Stored items
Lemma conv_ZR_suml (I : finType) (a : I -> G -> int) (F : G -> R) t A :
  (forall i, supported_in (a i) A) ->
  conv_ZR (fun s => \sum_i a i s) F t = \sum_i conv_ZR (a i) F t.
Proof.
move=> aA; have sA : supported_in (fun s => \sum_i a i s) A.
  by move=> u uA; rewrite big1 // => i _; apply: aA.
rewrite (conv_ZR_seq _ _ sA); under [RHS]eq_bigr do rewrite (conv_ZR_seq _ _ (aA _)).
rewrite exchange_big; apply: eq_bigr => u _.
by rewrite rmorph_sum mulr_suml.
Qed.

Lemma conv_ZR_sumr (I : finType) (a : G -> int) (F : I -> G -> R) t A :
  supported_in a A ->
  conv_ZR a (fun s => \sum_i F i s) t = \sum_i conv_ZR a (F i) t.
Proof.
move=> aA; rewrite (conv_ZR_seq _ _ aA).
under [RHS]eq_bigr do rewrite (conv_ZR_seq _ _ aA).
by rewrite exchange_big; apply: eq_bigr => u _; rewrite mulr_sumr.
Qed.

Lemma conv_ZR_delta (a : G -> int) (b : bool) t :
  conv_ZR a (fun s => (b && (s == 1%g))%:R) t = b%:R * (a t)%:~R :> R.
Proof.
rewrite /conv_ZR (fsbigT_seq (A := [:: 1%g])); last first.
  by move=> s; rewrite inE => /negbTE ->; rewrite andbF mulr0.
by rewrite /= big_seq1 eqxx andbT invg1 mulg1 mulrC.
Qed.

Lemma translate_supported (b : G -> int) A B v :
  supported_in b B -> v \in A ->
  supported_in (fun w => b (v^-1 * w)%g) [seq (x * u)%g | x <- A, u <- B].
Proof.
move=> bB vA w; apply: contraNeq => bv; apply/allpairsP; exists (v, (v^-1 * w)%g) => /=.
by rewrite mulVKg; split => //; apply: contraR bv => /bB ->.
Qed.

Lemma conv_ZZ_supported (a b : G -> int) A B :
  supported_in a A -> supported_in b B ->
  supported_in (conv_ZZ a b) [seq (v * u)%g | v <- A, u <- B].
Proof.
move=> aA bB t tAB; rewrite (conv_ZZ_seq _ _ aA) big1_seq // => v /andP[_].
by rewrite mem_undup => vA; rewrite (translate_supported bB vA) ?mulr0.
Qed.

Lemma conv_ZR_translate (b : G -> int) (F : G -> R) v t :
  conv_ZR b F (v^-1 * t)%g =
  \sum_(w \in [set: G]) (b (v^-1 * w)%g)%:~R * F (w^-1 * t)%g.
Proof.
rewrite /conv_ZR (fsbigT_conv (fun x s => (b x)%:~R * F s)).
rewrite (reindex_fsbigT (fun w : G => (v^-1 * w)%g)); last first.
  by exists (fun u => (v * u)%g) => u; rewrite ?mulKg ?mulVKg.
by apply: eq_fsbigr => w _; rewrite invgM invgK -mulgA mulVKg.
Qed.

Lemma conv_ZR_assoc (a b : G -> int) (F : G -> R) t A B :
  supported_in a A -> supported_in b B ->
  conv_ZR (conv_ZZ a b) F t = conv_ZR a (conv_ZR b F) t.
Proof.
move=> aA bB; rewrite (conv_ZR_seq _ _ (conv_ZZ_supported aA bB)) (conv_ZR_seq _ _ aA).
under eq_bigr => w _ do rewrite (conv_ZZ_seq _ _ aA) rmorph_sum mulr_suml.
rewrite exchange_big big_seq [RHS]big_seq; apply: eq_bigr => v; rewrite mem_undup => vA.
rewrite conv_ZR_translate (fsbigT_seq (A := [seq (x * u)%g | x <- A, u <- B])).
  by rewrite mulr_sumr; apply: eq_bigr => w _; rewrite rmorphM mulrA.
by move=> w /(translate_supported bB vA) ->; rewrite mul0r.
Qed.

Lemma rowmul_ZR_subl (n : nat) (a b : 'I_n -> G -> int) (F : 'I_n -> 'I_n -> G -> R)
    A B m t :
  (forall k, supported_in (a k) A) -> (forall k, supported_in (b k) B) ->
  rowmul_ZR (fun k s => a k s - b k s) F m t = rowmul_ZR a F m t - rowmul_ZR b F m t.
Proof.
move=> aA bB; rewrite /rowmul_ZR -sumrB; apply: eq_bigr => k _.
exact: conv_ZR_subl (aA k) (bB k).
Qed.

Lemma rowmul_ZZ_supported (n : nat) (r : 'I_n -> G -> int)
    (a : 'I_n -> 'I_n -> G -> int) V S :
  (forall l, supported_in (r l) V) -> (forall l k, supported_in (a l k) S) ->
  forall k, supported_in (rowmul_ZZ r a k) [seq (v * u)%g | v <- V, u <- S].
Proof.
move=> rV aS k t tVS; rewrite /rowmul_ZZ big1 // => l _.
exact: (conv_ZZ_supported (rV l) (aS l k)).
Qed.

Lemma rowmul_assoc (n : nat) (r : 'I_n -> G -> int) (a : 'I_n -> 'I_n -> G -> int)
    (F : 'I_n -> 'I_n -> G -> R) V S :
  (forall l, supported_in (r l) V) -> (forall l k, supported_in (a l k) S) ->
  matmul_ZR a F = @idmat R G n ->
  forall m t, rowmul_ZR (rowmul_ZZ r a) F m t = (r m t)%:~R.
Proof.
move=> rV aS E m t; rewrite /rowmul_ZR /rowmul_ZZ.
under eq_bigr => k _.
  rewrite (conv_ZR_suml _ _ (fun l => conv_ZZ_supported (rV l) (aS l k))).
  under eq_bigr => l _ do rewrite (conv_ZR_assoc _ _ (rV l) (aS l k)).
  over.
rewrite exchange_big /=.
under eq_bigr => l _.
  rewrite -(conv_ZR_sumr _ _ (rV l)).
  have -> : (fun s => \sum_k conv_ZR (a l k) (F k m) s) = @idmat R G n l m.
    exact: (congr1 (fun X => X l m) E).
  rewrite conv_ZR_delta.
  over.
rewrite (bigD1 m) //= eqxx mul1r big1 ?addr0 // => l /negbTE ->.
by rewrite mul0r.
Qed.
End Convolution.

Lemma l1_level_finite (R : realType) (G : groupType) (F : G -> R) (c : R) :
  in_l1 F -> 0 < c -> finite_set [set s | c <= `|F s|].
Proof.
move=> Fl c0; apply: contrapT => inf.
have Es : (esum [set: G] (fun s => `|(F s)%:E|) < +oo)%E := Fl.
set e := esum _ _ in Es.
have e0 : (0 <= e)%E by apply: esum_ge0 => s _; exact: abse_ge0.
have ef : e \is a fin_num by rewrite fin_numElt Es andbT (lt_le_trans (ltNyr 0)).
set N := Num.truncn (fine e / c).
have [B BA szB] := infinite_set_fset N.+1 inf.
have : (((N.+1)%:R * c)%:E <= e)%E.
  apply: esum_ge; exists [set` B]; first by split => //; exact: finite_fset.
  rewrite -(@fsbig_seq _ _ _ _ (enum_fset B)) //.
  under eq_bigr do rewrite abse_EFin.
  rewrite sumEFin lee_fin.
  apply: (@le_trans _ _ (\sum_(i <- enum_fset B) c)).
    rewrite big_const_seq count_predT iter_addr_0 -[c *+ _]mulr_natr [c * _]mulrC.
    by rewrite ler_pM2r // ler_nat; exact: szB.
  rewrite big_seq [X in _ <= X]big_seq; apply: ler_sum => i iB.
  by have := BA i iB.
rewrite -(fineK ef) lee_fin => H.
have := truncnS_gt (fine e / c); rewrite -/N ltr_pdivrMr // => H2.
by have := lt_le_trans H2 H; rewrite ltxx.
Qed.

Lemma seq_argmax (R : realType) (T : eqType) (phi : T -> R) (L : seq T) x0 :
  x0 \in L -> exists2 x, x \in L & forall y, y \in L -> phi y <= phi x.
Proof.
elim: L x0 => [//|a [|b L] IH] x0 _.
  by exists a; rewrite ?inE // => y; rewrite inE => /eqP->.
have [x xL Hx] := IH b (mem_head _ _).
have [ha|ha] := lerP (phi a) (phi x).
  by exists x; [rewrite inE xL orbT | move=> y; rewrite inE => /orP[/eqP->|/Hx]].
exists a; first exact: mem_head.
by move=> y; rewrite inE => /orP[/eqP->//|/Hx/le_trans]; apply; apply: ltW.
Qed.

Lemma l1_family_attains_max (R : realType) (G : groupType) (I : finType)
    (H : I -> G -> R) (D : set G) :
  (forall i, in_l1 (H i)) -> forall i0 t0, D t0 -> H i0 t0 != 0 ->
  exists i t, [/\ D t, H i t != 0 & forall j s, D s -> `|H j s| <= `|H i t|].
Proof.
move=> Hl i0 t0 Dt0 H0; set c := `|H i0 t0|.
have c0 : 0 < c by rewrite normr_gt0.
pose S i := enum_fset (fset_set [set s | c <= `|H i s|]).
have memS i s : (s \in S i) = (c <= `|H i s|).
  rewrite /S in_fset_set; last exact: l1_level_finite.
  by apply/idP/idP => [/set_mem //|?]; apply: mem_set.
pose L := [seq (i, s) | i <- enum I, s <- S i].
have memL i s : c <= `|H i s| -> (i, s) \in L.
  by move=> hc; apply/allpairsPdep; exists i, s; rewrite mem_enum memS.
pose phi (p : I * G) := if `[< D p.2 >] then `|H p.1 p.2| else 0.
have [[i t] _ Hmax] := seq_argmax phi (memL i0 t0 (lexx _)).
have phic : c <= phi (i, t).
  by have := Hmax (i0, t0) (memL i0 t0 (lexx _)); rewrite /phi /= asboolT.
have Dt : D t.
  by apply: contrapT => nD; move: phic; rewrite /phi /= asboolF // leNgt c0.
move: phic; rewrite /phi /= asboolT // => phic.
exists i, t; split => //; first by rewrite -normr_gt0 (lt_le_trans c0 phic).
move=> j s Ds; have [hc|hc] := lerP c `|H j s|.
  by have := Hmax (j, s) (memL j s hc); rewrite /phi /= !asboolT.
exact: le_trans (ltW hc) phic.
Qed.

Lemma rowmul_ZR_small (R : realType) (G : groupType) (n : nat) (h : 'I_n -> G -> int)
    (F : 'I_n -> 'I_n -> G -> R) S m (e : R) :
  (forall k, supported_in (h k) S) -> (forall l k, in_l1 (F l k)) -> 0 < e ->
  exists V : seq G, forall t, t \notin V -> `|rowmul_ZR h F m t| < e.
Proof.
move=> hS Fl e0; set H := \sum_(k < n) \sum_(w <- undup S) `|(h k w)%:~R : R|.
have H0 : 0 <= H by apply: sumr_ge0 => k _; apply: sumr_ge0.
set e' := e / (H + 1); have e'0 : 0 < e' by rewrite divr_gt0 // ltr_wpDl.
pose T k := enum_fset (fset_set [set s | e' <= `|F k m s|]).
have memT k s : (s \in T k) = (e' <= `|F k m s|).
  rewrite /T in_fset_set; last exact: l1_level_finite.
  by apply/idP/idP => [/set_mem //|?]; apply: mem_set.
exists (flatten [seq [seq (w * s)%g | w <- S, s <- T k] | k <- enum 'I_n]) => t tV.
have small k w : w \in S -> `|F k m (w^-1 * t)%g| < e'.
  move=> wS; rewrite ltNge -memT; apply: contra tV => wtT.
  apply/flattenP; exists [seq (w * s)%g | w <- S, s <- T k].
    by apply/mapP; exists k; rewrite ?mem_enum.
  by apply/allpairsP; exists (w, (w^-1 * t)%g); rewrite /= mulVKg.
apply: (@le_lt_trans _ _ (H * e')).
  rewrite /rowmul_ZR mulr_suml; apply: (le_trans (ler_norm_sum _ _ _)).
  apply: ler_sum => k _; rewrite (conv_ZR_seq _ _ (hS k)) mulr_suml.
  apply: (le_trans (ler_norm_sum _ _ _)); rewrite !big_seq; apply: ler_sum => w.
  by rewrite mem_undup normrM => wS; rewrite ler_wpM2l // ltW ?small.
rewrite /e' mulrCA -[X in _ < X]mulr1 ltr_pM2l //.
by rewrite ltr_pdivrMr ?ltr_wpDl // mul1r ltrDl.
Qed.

» PROBLEM TO SOLVE:
Go through the data above and find the lines with the word "lexx". Copy each of those lines.

» EXPECTED ANSWER:
have [[i t] _ Hmax] := seq_argmax phi (memL i0 t0 (lexx _)).
  by have := Hmax (i0, t0) (memL i0 t0 (lexx _)); rewrite /phi /= asboolT.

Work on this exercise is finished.